There is an inherent weakness in monetary penalties as a deterrent to government, regulatory takings. The supply of money is endless. Both to pay for the taking and to finance an aggressive legal defense of the taking.
There is also the scepter of insider trading if compensation for regulatory taking becomes common law. Properties1, included in unpublished, future takings, will be acquired by those in the know and properties2, without significance, will be the subject of trivial takings simply to enhance connected owners from the public trough.
1 - For example: Property already excluded from development by local regs in a proposed conservancy.
2 - For example: Property contiguous to a new transportation corridor in Orange County being subject to state imposed migratory flyway protections of caribou migration protections.
A Freudian slip?
We agree. I can just see the conservancies using this for a funding tool now.
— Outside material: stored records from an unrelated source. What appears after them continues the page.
(* Let $X,Y,Z$ be compact Hausdorff spaces, and let $E\subseteq C(X)$ and $F\subseteq C(Y)$ be Riesz subspaces, dense for the supremum norm, which contain the constant functions. Let $\phi:E\times F\to C(Z)$ be a Riesz bimorphism which is bi-injective and satisfies $\phi(\mathbf{1}_X,\mathbf{1}_Y)=\mathbf{1}_Z$. Let $T:C(X\times Y)\to C(Z)$ be a lattice homomorphism with $T(\chi(f,g))=\phi(f,g)$ for all $f\in E$, $g\in F$ (such a $T$ exists and is uniquely determined by $\phi$). Then $T$ is injective.
   Context: For Riesz spaces $E,F,G$, a linear map $T:E\to G$ is a Riesz (lattice) homomorphism if $T(x\vee y)=Tx\vee Ty$ for all $x,y$. A bilinear map $\phi:E\times F\to G$ is a Riesz bimorphism if $\phi(\cdot,y):E\to G$ is a Riesz homomorphism for every $y\in F_+$ and $\phi(x,\cdot):F\to G$ is a Riesz homomorphism for every $x\in E_+$. $\phi$ is bi-injective if $\phi(x,y)=0$ implies $x=0$ or $y=0$. The natural bilinear embedding $\chi:C(X)\times C(Y)\to C(X\times Y)$ is $\chi(f,g)(x,y)=f(x)g(y)$. $\mathbf{1}_X$ denotes the constant function one on $X$. *)

(* C(X) = real-valued continuous functions X -> R,
   R an arbitrary realType (a model of the reals). *)
From HB Require Import structures.
From mathcomp Require Import all_boot all_order all_algebra.
From mathcomp Require Import all_classical all_reals all_analysis.
Set Implicit Arguments. Unset Strict Implicit. Unset Printing Implicit Defensive.
Import Order.TTheory GRing.Theory Num.Theory numFieldNormedType.Exports.
Local Open Scope classical_set_scope.
Local Open Scope ring_scope.

Definition cts (X : topologicalType) (R : realType) (f : X -> R) : Prop :=
  continuous f.

Definition riesz_subspace (X : topologicalType) (R : realType)
    (E : set (X -> R)) : Prop :=
  [/\ E `<=` @cts X R,
      E (fun _ => 0),
      (forall f g, E f -> E g -> E (fun x => f x + g x)),
      (forall (a : R) f, E f -> E (fun x => a * f x)) &
      (forall f g, E f -> E g -> E (fun x => Num.max (f x) (g x)))].

Definition contains_constants (X : topologicalType) (R : realType)
    (E : set (X -> R)) : Prop :=
  forall c : R, E (fun _ => c).

Definition sup_dense (X : topologicalType) (R : realType)
    (E : set (X -> R)) : Prop :=
  forall f : X -> R, cts f -> forall eps : R, 0 < eps ->
    exists2 g, E g & forall x, `|f x - g x| <= eps.

Definition pos_part_set (X : Type) (R : realType) (E : set (X -> R)) :
  set (X -> R) := [set f | E f /\ forall x, 0 <= f x].

Definition bilinear_on (X Y Z : topologicalType) (R : realType)
    (E : set (X -> R)) (F : set (Y -> R))
    (phi : (X -> R) -> (Y -> R) -> (Z -> R)) : Prop :=
  [/\ (forall f g, E f -> F g -> cts (phi f g)),
      (forall (a : R) f1 f2 g, E f1 -> E f2 -> F g ->
         phi (fun x => a * f1 x + f2 x) g = (fun z => a * phi f1 g z + phi f2 g z)) &
      (forall (a : R) f g1 g2, E f -> F g1 -> F g2 ->
         phi f (fun y => a * g1 y + g2 y) = (fun z => a * phi f g1 z + phi f g2 z))].

Definition riesz_bimorphism_on (X Y Z : topologicalType) (R : realType)
    (E : set (X -> R)) (F : set (Y -> R))
    (phi : (X -> R) -> (Y -> R) -> (Z -> R)) : Prop :=
  [/\ bilinear_on E F phi,
      (forall g, pos_part_set F g -> forall f1 f2, E f1 -> E f2 ->
         phi (fun x => Num.max (f1 x) (f2 x)) g
         = (fun z => Num.max (phi f1 g z) (phi f2 g z))) &
      (forall f, pos_part_set E f -> forall g1 g2, F g1 -> F g2 ->
         phi f (fun y => Num.max (g1 y) (g2 y))
         = (fun z => Num.max (phi f g1 z) (phi f g2 z)))].

Definition bi_injective_on (X Y Z : Type) (R : realType)
    (E : set (X -> R)) (F : set (Y -> R))
    (phi : (X -> R) -> (Y -> R) -> (Z -> R)) : Prop :=
  forall f g, E f -> F g -> phi f g = (fun _ => 0) ->
    f = (fun _ => 0) \/ g = (fun _ => 0).

Definition lattice_hom_on (W Z : topologicalType) (R : realType)
    (T : (W -> R) -> (Z -> R)) : Prop :=
  [/\ (forall h, cts h -> cts (T h)),
      (forall (a : R) h1 h2, cts h1 -> cts h2 ->
         T (fun w => a * h1 w + h2 w) = (fun z => a * T h1 z + T h2 z)) &
      (forall h1 h2, cts h1 -> cts h2 ->
         T (fun w => Num.max (h1 w) (h2 w)) = (fun z => Num.max (T h1 z) (T h2 z)))].

Definition chi (X Y : Type) (R : realType) (f : X -> R) (g : Y -> R) :
  X * Y -> R := fun p => f p.1 * g p.2.

From HB Require Import structures.
From mathcomp Require Import all_boot all_order all_algebra.
From mathcomp Require Import all_classical all_reals all_analysis.
From mathcomp Require Import ring lra.
Import Order.TTheory GRing.Theory Num.Theory numFieldNormedType.Exports.
Local Open Scope classical_set_scope.
Local Open Scope ring_scope.

(* Suppose [T h = 0] with [h <> 0].  Then [T |h| = |T h| = 0], and [|h| > c > 0]
   on some basic neighbourhood [A `*` B] of a point.  Density and Urysohn's lemma
   give bumps [0 <= f <= 1] in [E] supported in [A] and [0 <= g <= 1] in [F]
   supported in [B], nonzero at that point, so that [0 <= chi f g <= |h| / c].
   Positivity of [T] then yields [phi f g = T (chi f g) = 0], contradicting
   bi-injectivity. *)

Section continuity.
Context {R : realType} {X : topologicalType}.
Implicit Types f g : X -> R.

Lemma cts_cst (c : R) : @cts X R (fun _ => c).
Proof. by move=> x; exact: cvg_cst. Qed.

Lemma cts_sub {f g} : cts f -> cts g -> cts (fun x => f x - g x).
Proof. by move=> cf cg x; apply: cvgB; [exact: cf | exact: cg]. Qed.

Lemma cts_mul {f g} : cts f -> cts g -> cts (fun x => f x * g x).
Proof. by move=> cf cg x; apply: continuousM; [exact: cf | exact: cg]. Qed.

Lemma cts_scale (a : R) {f} : cts f -> cts (fun x => a * f x).
Proof. by move=> cf; apply: cts_mul => //; exact: cts_cst. Qed.

Lemma cts_norm {f} : cts f -> cts (fun x => `|f x|).
Proof. by move=> cf x; apply: continuous_comp; [exact: cf | exact: norm_continuous]. Qed.

End continuity.

Lemma cts_chi {R : realType} {X Y : topologicalType} {f : X -> R} {g : Y -> R} :
  cts f -> cts g -> cts (chi f g).
Proof.
move=> cf cg q; apply: continuousM.
- by apply: (@continuous_comp _ _ _ fst f); [exact: cvg_fst | exact: cf].
- by apply: (@continuous_comp _ _ _ snd g); [exact: cvg_snd | exact: cg].
Qed.

Section lattice_hom.
Context {R : realType} {W Z : topologicalType} {T : (W -> R) -> (Z -> R)}.
Hypothesis hT : lattice_hom_on T.
Implicit Types h : W -> R.

Let cts0 : cts (fun _ : W => 0 : R) := cts_cst 0.

Lemma lattice_hom0 : T (fun _ => 0) = fun _ => 0.
Proof.
case: hT => _ lin _; have := lin 1 _ _ cts0 cts0; rewrite mul1r addr0 => T00.
by apply/funext => z; have := congr1 (fun G => G z) T00 => /=; lra.
Qed.

Lemma lattice_homZ (a : R) {h} : cts h -> T (fun w => a * h w) = fun z => a * T h z.
Proof.
case: hT => _ lin _ ch; have := lin a _ _ ch cts0; rewrite lattice_hom0.
by under eq_fun do rewrite addr0; under [RHS]eq_fun do rewrite addr0.
Qed.

Lemma lattice_homB {h1 h2} : cts h1 -> cts h2 ->
  T (fun w => h1 w - h2 w) = fun z => T h1 z - T h2 z.
Proof.
case: hT => _ lin _ c1 c2; have := lin 1 _ _ (cts_sub c1 c2) c2.
have -> : (fun w => 1 * (h1 w - h2 w) + h2 w) = h1 by apply/funext => w; ring.
by move=> Th1; apply/funext => z; rewrite Th1 /=; ring.
Qed.

Lemma lattice_hom_ge0 {h} : cts h -> (forall w, 0 <= h w) -> forall z, 0 <= T h z.
Proof.
case: hT => _ _ lmax ch h_ge0 z; have := lmax h _ ch cts0.
have -> : (fun w => Num.max (h w) 0) = h by apply/funext => w; rewrite max_l.
by rewrite lattice_hom0 => ->; rewrite le_max lexx orbT.
Qed.

Lemma lattice_hom_le {h1 h2} : cts h1 -> cts h2 -> (forall w, h1 w <= h2 w) ->
  forall z, T h1 z <= T h2 z.
Proof.
move=> c1 c2 le12 z; rewrite -subr_ge0.
have d_ge0 w : 0 <= h2 w - h1 w by rewrite subr_ge0.
by have := lattice_hom_ge0 (cts_sub c2 c1) d_ge0 z; rewrite lattice_homB.
Qed.

Lemma lattice_hom_norm {h} : cts h -> T (fun w => `|h w|) = fun z => `|T h z|.
Proof.
case: hT => _ _ lmax ch.
have -> : (fun w => `|h w|) = fun w => Num.max (h w) (-1 * h w).
  by apply/funext => w; rewrite mulN1r maxrN.
rewrite lmax ?lattice_homZ //; last exact: cts_scale.
by apply/funext => z; rewrite mulN1r maxrN.
Qed.

End lattice_hom.

Lemma compact_hausdorff_bump (R : realType) {X : topologicalType}
    (cX : compact [set: X]) (hX : hausdorff_space X) (x0 : X) (A : set X) :
  nbhs x0 A -> exists2 u : X -> R, cts u &
    [/\ forall x, 0 <= u x <= 1, u x0 = 1 & forall x, ~ A x -> u x = 0].
Proof.
move=> nA.
have crX : completely_regular_space X :=
  @normal_completely_regular R X (compact_normal hX cX) (hausdorff_accessible hX).
have sep : uniform_separator [set x0] (~` A°).
  apply: crX; first by rewrite closedC; exact: open_interior.
  by move=> nA'; apply: nA'; exact: nA.
set v := @Urysohn X R [set x0] (~` A°).
have v_range x : 0 <= v x <= 1.
  by have := Urysohn_range (imageT v x); rewrite /= in_itv.
exists (fun x => 1 - v x).
  by apply: cts_sub; [exact: cts_cst | exact: Urysohn_continuous].
split.
- by move=> x; have := v_range x; lra.
- by rewrite (@Urysohn_sub0 _ _ _ _ sep (v x0)) ?subr0 //; exists x0.
- move=> x nAx; rewrite (@Urysohn_sub1 _ _ _ _ sep (v x)) ?subrr //.
  by exists x => // /interior_subset.
Qed.

(* Approximate a continuous bump within [1/4] and truncate below at [1/2]. *)
Lemma riesz_dense_bump {R : realType} {X : topologicalType}
    (cX : compact [set: X]) (hX : hausdorff_space X)
    {E : set (X -> R)} (rE : riesz_subspace E) (dE : sup_dense E)
    (kE : contains_constants E) {x0 : X} {A : set X} :
  nbhs x0 A -> exists2 f, E f &
    [/\ forall x, 0 <= f x <= 1, 0 < f x0 & forall x, ~ A x -> f x = 0].
Proof.
move=> /(compact_hausdorff_bump R cX hX) [u cu [u_range u1 u0]].
have [e Ee ue] := dE _ cu (1/4) ltac:(lra).
case: rE => _ _ Eadd _ Emax.
exists (fun x => Num.max (e x + - (1/2)) 0).
  exact: (Emax _ _ (Eadd _ _ Ee (kE _)) (kE 0)).
split.
- move=> x; move: (ue x) (u_range x); rewrite ler_norml => /andP[? ?] /andP[? ?].
  by rewrite le_max lexx orbT /= ge_max; apply/andP; split; lra.
- by move: (ue x0); rewrite u1 ler_norml lt_max => /andP[? ?]; apply/orP; left; lra.
- by move=> x nAx; move: (ue x); rewrite u0 // ler_norml => /andP[? ?]; rewrite max_r //; lra.
Qed.

Lemma chi_le_scale {R : realType} {X Y : Type} {f : X -> R} {g : Y -> R}
    {A : set X} {B : set Y} {k : X * Y -> R} {c : R} :
  0 < c -> (forall x, 0 <= f x <= 1) -> (forall y, 0 <= g y <= 1) ->
  (forall x, ~ A x -> f x = 0) -> (forall y, ~ B y -> g y = 0) ->
  (forall w, 0 <= k w) -> A `*` B `<=` [set w | c < k w] ->
  forall w, chi f g w <= c^-1 * k w.
Proof.
move=> c_gt0 f01 g01 fA gB k_ge0 ABk [x y]; rewrite /chi /=.
have kc_ge0 : 0 <= c^-1 * k (x, y) by rewrite mulr_ge0 // invr_ge0 ltW.
have [Ax|nAx] := pselect (A x); last by rewrite fA // mul0r.
have [By|nBy] := pselect (B y); last by rewrite gB // mulr0.
have /andP[f0 f1] := f01 x; have /andP[g0 g1] := g01 y.
apply: le_trans (mulr_ile1 f0 g0 f1 g1) _.
by rewrite ler_pdivlMl // mulr1 ltW //; apply: ABk.
Qed.

Lemma lattice_hom_kernel0 {R : realType} {X Y Z : topologicalType}
    (cX : compact [set: X]) (hX : hausdorff_space X)
    (cY : compact [set: Y]) (hY : hausdorff_space Y)
    {E : set (X -> R)} {F : set (Y -> R)}
    (rE : riesz_subspace E) (rF : riesz_subspace F)
    (dE : sup_dense E) (dF : sup_dense F)
    (kE : contains_constants E) (kF : contains_constants F)
    {phi : (X -> R) -> (Y -> R) -> (Z -> R)} (iphi : bi_injective_on E F phi)
    {T : (X * Y -> R) -> (Z -> R)} (hT : lattice_hom_on T)
    (eT : forall f g, E f -> F g -> T (chi f g) = phi f g)
    {h : X * Y -> R} :
  cts h -> T h = (fun _ => 0) -> h = (fun _ => 0).
Proof.
move=> ch Th0; apply/funext => p; apply/eqP/negPn/negP => hp_neq0.
set k := fun w => `|h w|.
have ck : cts k by exact: cts_norm.
have Tk0 : T k = fun _ => 0.
  by rewrite (lattice_hom_norm hT ch) Th0; apply/funext => z; rewrite normr0.
have hp_gt0 : 0 < `|h p| by rewrite normr_gt0.
set c := `|h p| / 2.
have c_gt0 : 0 < c by rewrite /c; lra.
have [[A B] /= [nA nB] ABk] : nbhs p (k @^-1` [set r | c < r]).
  apply: ck; apply: open_nbhs_nbhs; split; first exact: open_gt.
  by rewrite /= /k /c; lra.
have [f Ef [f01 fp fA]] := riesz_dense_bump cX hX rE dE kE nA.
have [g Fg [g01 gp gB]] := riesz_dense_bump cY hY rF dF kF nB.
have cfg : cts (chi f g).
  by apply: cts_chi; [case: rE => + _ _ _ _; apply | case: rF => + _ _ _ _; apply].
have chi_le := chi_le_scale c_gt0 f01 g01 fA gB (fun w => normr_ge0 (h w)) ABk.
have phi0 : phi f g = fun _ => 0.
  rewrite -eT //; apply/funext => z; apply/eqP; rewrite eq_le; apply/andP; split.
    by have := lattice_hom_le hT cfg (cts_scale c^-1 ck) chi_le z;
      rewrite lattice_homZ // Tk0 mulr0.
  apply: (lattice_hom_ge0 hT cfg) => w; rewrite /chi mulr_ge0 //.
    by have /andP[] := f01 w.1.
  by have /andP[] := g01 w.2.
have [f0|g0] := iphi f g Ef Fg phi0.
- by move: fp; rewrite f0 ltxx.
- by move: gp; rewrite g0 ltxx.
Qed.

Theorem proposition3p3 (R : realType) (X Y Z : topologicalType)
  (cX : compact [set: X]) (hX : hausdorff_space X)
  (cY : compact [set: Y]) (hY : hausdorff_space Y)
  (cZ : compact [set: Z]) (hZ : hausdorff_space Z)
  (E : set (X -> R)) (F : set (Y -> R))
  (rE : riesz_subspace E) (rF : riesz_subspace F)
  (dE : sup_dense E) (dF : sup_dense F)
  (kE : contains_constants E) (kF : contains_constants F)
  (phi : (X -> R) -> (Y -> R) -> (Z -> R))
  (bphi : riesz_bimorphism_on E F phi)
  (iphi : bi_injective_on E F phi)
  (uphi : phi (fun _ => 1) (fun _ => 1) = (fun _ => 1))
  (T : (X * Y -> R) -> (Z -> R))
  (hT : lattice_hom_on T)
  (eT : forall f g, E f -> F g -> T (chi f g) = phi f g) :
  forall h1 h2 : X * Y -> R, cts h1 -> cts h2 -> T h1 = T h2 -> h1 = h2.
Proof.
move=> h1 h2 c1 c2 T12.
have T12_0 : T (fun w => h1 w - h2 w) = fun _ => 0.
  by rewrite (lattice_homB hT c1 c2) T12; apply/funext => z; rewrite subrr.
have h12_0 := lattice_hom_kernel0 cX hX cY hY rE rF dE dF kE kF iphi hT eT
  (cts_sub c1 c2) T12_0.
by apply/funext => w; apply/subr0_eq; exact: (congr1 (fun G => G w) h12_0).
Qed.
The best way to manage regulation is to eliminate the need through a better understanding of pooled risk.
I didn't think of that. But, corruption in CA goverment is inevitable, and stuff like that already happens in other ways. For instance, shortly before the recall of Gray Davis, we (California) acquired Ahmanson Ranch, north of US-101 near the border between Ventura and LA counties, for a large amount of money. If we had not bought the land, it could have been developed (subject to the obstruction of the environmentalists), or it might have been a huge investment loss if it could not be developed. CA guaranteed a profit to the former owners.